I was now back to where I had started from, it only took 20 minutes to swim around, so off I went again, this time I spotted a ‘Football Jersey Worm’ making its way over the coarse sea bed and a wide variety of fish proving this wreck has a plethora of life. After my third lap of this incredible little wreck I remembered that there were two brave people in semi-dry suits on the boat and thought it better I return. I released the anchor from near the wreckage for the skipper and made my ascent.
A very easy and pleasant dive for any level of diver, in perfect conditions, Cornwall at its best.
During the last year several finds have come to light on the Hera, including a telescope and some personal belongings. There are a couple of swim throughs, the longest being about 40m long. The ‘A’ frame is covered in anemones, a good second dive.
There are some quite big pieces of wreckage, though none of it actually looks much like a ship. However, there are some interesting swim-throughs and the viz was very good at around 8m.

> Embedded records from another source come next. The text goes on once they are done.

(* Partial groups in the sense of Chermak: a set L, a domain D of words,
   a product Pi : D -> L and an involutory inversion.  Words are seq L. *)
Record partialGroup := PartialGroup {
  pg_carrier :> Type;
  pg_dom : seq pg_carrier -> Prop;
  pg_prod : seq pg_carrier -> pg_carrier;
  pg_inv : pg_carrier -> pg_carrier;
  pg_dom_letter : forall x, pg_dom [:: x];
  pg_dom_cat : forall u v, pg_dom (u ++ v) -> pg_dom u /\ pg_dom v;
  pg_prod_letter : forall x, pg_prod [:: x] = x;
  pg_prod_assoc : forall u v w, pg_dom (u ++ v ++ w) ->
    pg_dom (u ++ pg_prod v :: w) /\ pg_prod (u ++ v ++ w) = pg_prod (u ++ pg_prod v :: w);
  pg_invK : forall x, pg_inv (pg_inv x) = x;
  pg_dom_inv : forall w, pg_dom w ->
    pg_dom (rev (map pg_inv w) ++ w) /\ pg_prod (rev (map pg_inv w) ++ w) = pg_prod [::]
}.

Section PartialGroupDefs.
Variable M : partialGroup.
Local Notation L := (pg_carrier M).
Local Notation D := (@pg_dom M).
Local Notation Pi := (@pg_prod M).
Local Notation inv := (@pg_inv M).

Definition pg_one : L := Pi [::].

(* Simplicial structure: n-simplices are the words of length n in D. *)
Definition simplex (w : seq L) : Prop := D w.

(* Face map d_i on [x_1|...|x_n]: d_0 deletes x_1, d_n deletes x_n,
   d_i (0<i<n) replaces x_i,x_(i+1) by x_i x_(i+1). *)
Definition face (i : nat) (w : seq L) : seq L :=
  if i == 0 then behead w
  else if i == size w then take (size w).-1 w
  else take i.-1 w ++ Pi (take 2 (drop i.-1 w)) :: drop i.+1 w.

Definition degen (i : nat) (w : seq L) : seq L :=
  take i w ++ pg_one :: drop i w.

Definition simplicial_map (f : seq L -> seq L) : Prop :=
  [/\ (forall w, D w -> D (f w) /\ size (f w) = size w),
      (forall w i, D w -> 0 < size w -> i <= size w -> f (face i w) = face i (f w)) &
      (forall w i, D w -> i <= size w -> f (degen i w) = degen i (f w))].

Definition automorphism (f : seq L -> seq L) : Prop :=
  simplicial_map f /\
  exists g, [/\ simplicial_map g,
               (forall w, D w -> g (f w) = w) &
               (forall w, D w -> f (g w) = w)].

(* Delta[1]_n = monotone maps [n] -> [1], encoded by k <= n+1, the number of
   vertices sent to 0 (vertex j goes to 0 iff j < k).  Under this encoding
   d_i k = (if i < k then k-1 else k) and s_i k = (if i < k then k+1 else k).
   A simplicial homotopy F : M x Delta[1] -> M from f to g restricts to f on
   the vertex 0 (k = n+1) and to g on the vertex 1 (k = 0). *)
Definition simplicial_homotopy (F : seq L -> nat -> seq L) (f g : seq L -> seq L) : Prop :=
  [/\ (forall w k, D w -> k <= (size w).+1 -> D (F w k) /\ size (F w k) = size w),
      (forall w, D w -> F w (size w).+1 = f w),
      (forall w, D w -> F w 0 = g w),
      (forall w k i, D w -> 0 < size w -> k <= (size w).+1 -> i <= size w ->
          F (face i w) (if i < k then k.-1 else k) = face i (F w k)) &
      (forall w k i, D w -> k <= (size w).+1 -> i <= size w ->
          F (degen i w) (if i < k then k.+1 else k) = degen i (F w k))].

Definition inner_aut (a : seq L -> seq L) : Prop :=
  automorphism a /\ exists F, simplicial_homotopy F a id.

Fixpoint all_in (H : L -> Prop) (w : seq L) : Prop :=
  if w is x :: w' then H x /\ all_in H w' else True.

Definition subgroup (H : L -> Prop) : Prop :=
  [/\ (forall w, all_in H w -> D w),
      (forall w, all_in H w -> H (Pi w)) &
      (forall x, H x -> H (inv x))].

Definition abelian_subgroup (H : L -> Prop) : Prop :=
  subgroup H /\ forall x y, H x -> H y -> Pi [:: x; y] = Pi [:: y; x].

Definition conj (eta x : L) : L := Pi [:: eta; x; inv eta].

Definition omega (eta : L) (w : seq L) (i : nat) : seq L :=
  map (conj eta) (take i w) ++ eta :: drop i w.

Definition normalizer (eta : L) : Prop :=
  [/\ (forall x, D [:: eta; x; inv eta]),
      (exists a, automorphism a /\ forall x, a [:: x] = [:: conj eta x]) &
      (forall w, D w ->
         (forall i, i <= size w -> D (omega eta w i)) /\
         (forall i j, i <= size w -> j <= size w ->
             Pi (omega eta w i) = Pi (omega eta w j)))].

Definition center (eta : L) : Prop :=
  normalizer eta /\ forall x, conj eta x = x.

End PartialGroupDefs.

(* For eta in N(M), the faces d_k omega_(k-1)(w) interpolate between conjugation c_eta(w)
   and w, and they form a simplicial homotopy from c_eta to the identity; so c_eta is inner.
   Conversely, a simplicial map is determined by its action on letters (through its two outer
   faces), and a homotopy F from an automorphism a to the identity is determined in the same
   way by the single letter eta = F([1], 1) on the degenerate edge [1]: F must be the
   interpolating homotopy above, whence a = c_eta, and the face relations of F say that eta
   lies in N(M). Thus eta |-> c_eta maps N(M) onto Inn(M), multiplicatively since conjugation
   by eta theta is c_eta after c_theta, with kernel Z(M). N(M) is closed under products
   because the omega-words of eta theta are faces of omega-words of eta applied to
   omega-words of theta, and under inverses because the omega-words of eta^-1 are inverses
   of omega-words of eta. *)

From mathcomp Require Import all_boot.
From mathcomp Require Import zify.
Set Implicit Arguments. Unset Strict Implicit. Unset Printing Implicit Defensive.

Section PartialGroupTheory.
Variable M : partialGroup.
Local Notation L := (pg_carrier M).
Local Notation D := (@pg_dom M).
Local Notation Pi := (@pg_prod M).
Local Notation inv := (@pg_inv M).
Local Notation one := (@pg_one M).

Definition winv (w : seq L) := rev (map inv w).

Lemma winv_cat u v : winv (u ++ v) = winv v ++ winv u.
Proof. by rewrite /winv map_cat rev_cat. Qed.

Lemma winvK : involutive winv.
Proof. by move=> w; rewrite /winv map_rev revK -map_comp (eq_map (@pg_invK M)) map_id. Qed.

Lemma size_winv w : size (winv w) = size w.
Proof. by rewrite /winv size_rev size_map. Qed.

Lemma nth_winv w j : j < size w -> nth one (winv w) j = inv (nth one w (size w - j.+1)).
Proof. by move=> jw; rewrite /winv nth_rev size_map // (nth_map one) //; lia. Qed.

Lemma dom_catl u v : D (u ++ v) -> D u. Proof. by case/pg_dom_cat. Qed.
Lemma dom_catr u v : D (u ++ v) -> D v. Proof. by case/pg_dom_cat. Qed.

Lemma dom_nil : D [::].
Proof. exact: (@dom_catl [::] [:: one] (pg_dom_letter _)). Qed.

Lemma dom_assoc u v w : D (u ++ v ++ w) -> D (u ++ Pi v :: w).
Proof. by case/pg_prod_assoc. Qed.

Lemma prod_assoc u v w : D (u ++ v ++ w) -> Pi (u ++ v ++ w) = Pi (u ++ Pi v :: w).
Proof. by case/pg_prod_assoc. Qed.

Lemma prod_cons x w : D (x :: w) -> Pi (x :: w) = Pi [:: x; Pi w].
Proof. by move=> Dxw; rewrite -(cats0 w) (@prod_assoc [:: x]) // cats0. Qed.

Lemma dom_winv_cat w : D w -> D (winv w ++ w). Proof. by case/pg_dom_inv. Qed.
Lemma prod_winv_cat w : D w -> Pi (winv w ++ w) = one. Proof. by case/pg_dom_inv. Qed.
Lemma dom_winv w : D w -> D (winv w). Proof. by move/dom_winv_cat/dom_catl. Qed.

Lemma dom_cat_winv w : D w -> D (w ++ winv w).
Proof. by move/dom_winv/dom_winv_cat; rewrite winvK. Qed.

Lemma prod_cat_winv w : D w -> Pi (w ++ winv w) = one.
Proof. by move/dom_winv/prod_winv_cat; rewrite winvK. Qed.

Lemma insert_one u v : D (u ++ v) -> D (u ++ one :: v) /\ Pi (u ++ one :: v) = Pi (u ++ v).
Proof. by move=> Duv; have [Dins Eins] := @pg_prod_assoc M u [::] v Duv; split; last rewrite Eins. Qed.

Lemma prod_one_cons v : D v -> Pi (one :: v) = Pi v.
Proof. by case/(@insert_one [::]). Qed.

Lemma dom_one_pair x : D [:: one; x].
Proof. by have [] := @insert_one [::] [:: x] (pg_dom_letter x). Qed.

Lemma prod_one_pair x : Pi [:: one; x] = x.
Proof. by rewrite prod_one_cons ?pg_prod_letter //; apply: pg_dom_letter. Qed.

Lemma prod_pair_one x : Pi [:: x; one] = x.
Proof. by have [_ ->] := @insert_one [:: x] [::] (pg_dom_letter x); apply: pg_prod_letter. Qed.

Lemma cancel_winv_l u v : D (u ++ v) -> D (winv u ++ u ++ v) /\ Pi (winv u ++ u ++ v) = Pi v.
Proof.
move=> Duv; have Dinv := dom_winv_cat Duv; rewrite winv_cat -catA in Dinv.
have Duuv := dom_catr Dinv; split => //.
rewrite catA -[_ ++ v]cat0s (@prod_assoc [::]) /= -?catA //.
rewrite prod_winv_cat ?prod_one_cons //; [exact: dom_catr Duv | exact: dom_catl Duv].
Qed.

Lemma cancel_winv_r u v : D (u ++ v) -> D (u ++ v ++ winv v) /\ Pi (u ++ v ++ winv v) = Pi u.
Proof.
move=> Duv; have Dinv := dom_cat_winv Duv; rewrite winv_cat -!catA in Dinv.
have Duvv : D (u ++ v ++ winv v) by apply: (@dom_catl _ (winv u)); rewrite -!catA.
split => //; have Esplit : u ++ v ++ winv v = u ++ (v ++ winv v) ++ [::] by rewrite cats0.
rewrite Esplit prod_assoc -?Esplit // prod_cat_winv; last exact: dom_catr Duv.
have Du0 : D (u ++ [::]) by rewrite cats0; exact: dom_catl Duv.
by have [_] := insert_one Du0; rewrite !cats0.
Qed.

Lemma prod_winv w : D w -> Pi (winv w) = inv (Pi w).
Proof.
move=> Dw; set g := Pi w; set h := Pi (winv w).
have Dwi : D ([::] ++ w ++ winv w) by exact: dom_cat_winv.
have Dgi : D ([:: g] ++ winv w ++ [::]) by rewrite cats0; exact: dom_assoc Dwi.
have Dgh : D [:: g; h] by exact: dom_assoc Dgi.
have Pgh : Pi [:: g; h] = one.
  by rewrite -(prod_assoc Dgi) cats0 -(prod_assoc Dwi) prod_cat_winv.
have [Dcan] := @cancel_winv_l [:: g] [:: h] Dgh.
rewrite pg_prod_letter /winv /= => <-; rewrite /winv /= in Dcan.
rewrite -[[:: _; _; _]]/([:: inv g] ++ [:: g; h] ++ [::]).
by rewrite prod_assoc //= Pgh prod_pair_one.
Qed.

Lemma inv_one : inv one = one.
Proof. by have := prod_winv dom_nil. Qed.

Lemma prod_inv_letter x : Pi [:: inv x; x] = one.
Proof. exact: (prod_winv_cat (pg_dom_letter x)). Qed.

Lemma prod_letter_inv x : Pi [:: x; inv x] = one.
Proof. exact: (prod_cat_winv (pg_dom_letter x)). Qed.

Lemma prod_rcancel a b z : D [:: a; z] -> D [:: b; z] -> Pi [:: a; z] = Pi [:: b; z] -> a = b.
Proof.
move=> Da Db Eab.
have [Da' Pa] := @cancel_winv_r [:: a] [:: z] Da.
have [Db' Pb] := @cancel_winv_r [:: b] [:: z] Db.
rewrite pg_prod_letter in Pa; rewrite pg_prod_letter in Pb.
rewrite -Pa -Pb (prod_assoc (u := [::]) (v := [:: a; z]) Da').
by rewrite (prod_assoc (u := [::]) (v := [:: b; z]) Db') Eab.
Qed.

It was a nice, relaxing dive with plenty of life about. We saw another dogfish, some really big ballan wrasse and a large pollack can be found.
Despite shallow waters, she is in a relatively sheltered place and there is still a substantial amount of wreckage.
The Hera, an extremely pretty wreck situated just off Nare Head.
The masts and large sections of hull can still be seen, although penetration should be undertaken with care. The wreck is home to some very large Pollock an Ballan Wrasse. On sections of the hull, you can see colonies of jewel, dahlia and Plumrose anemones.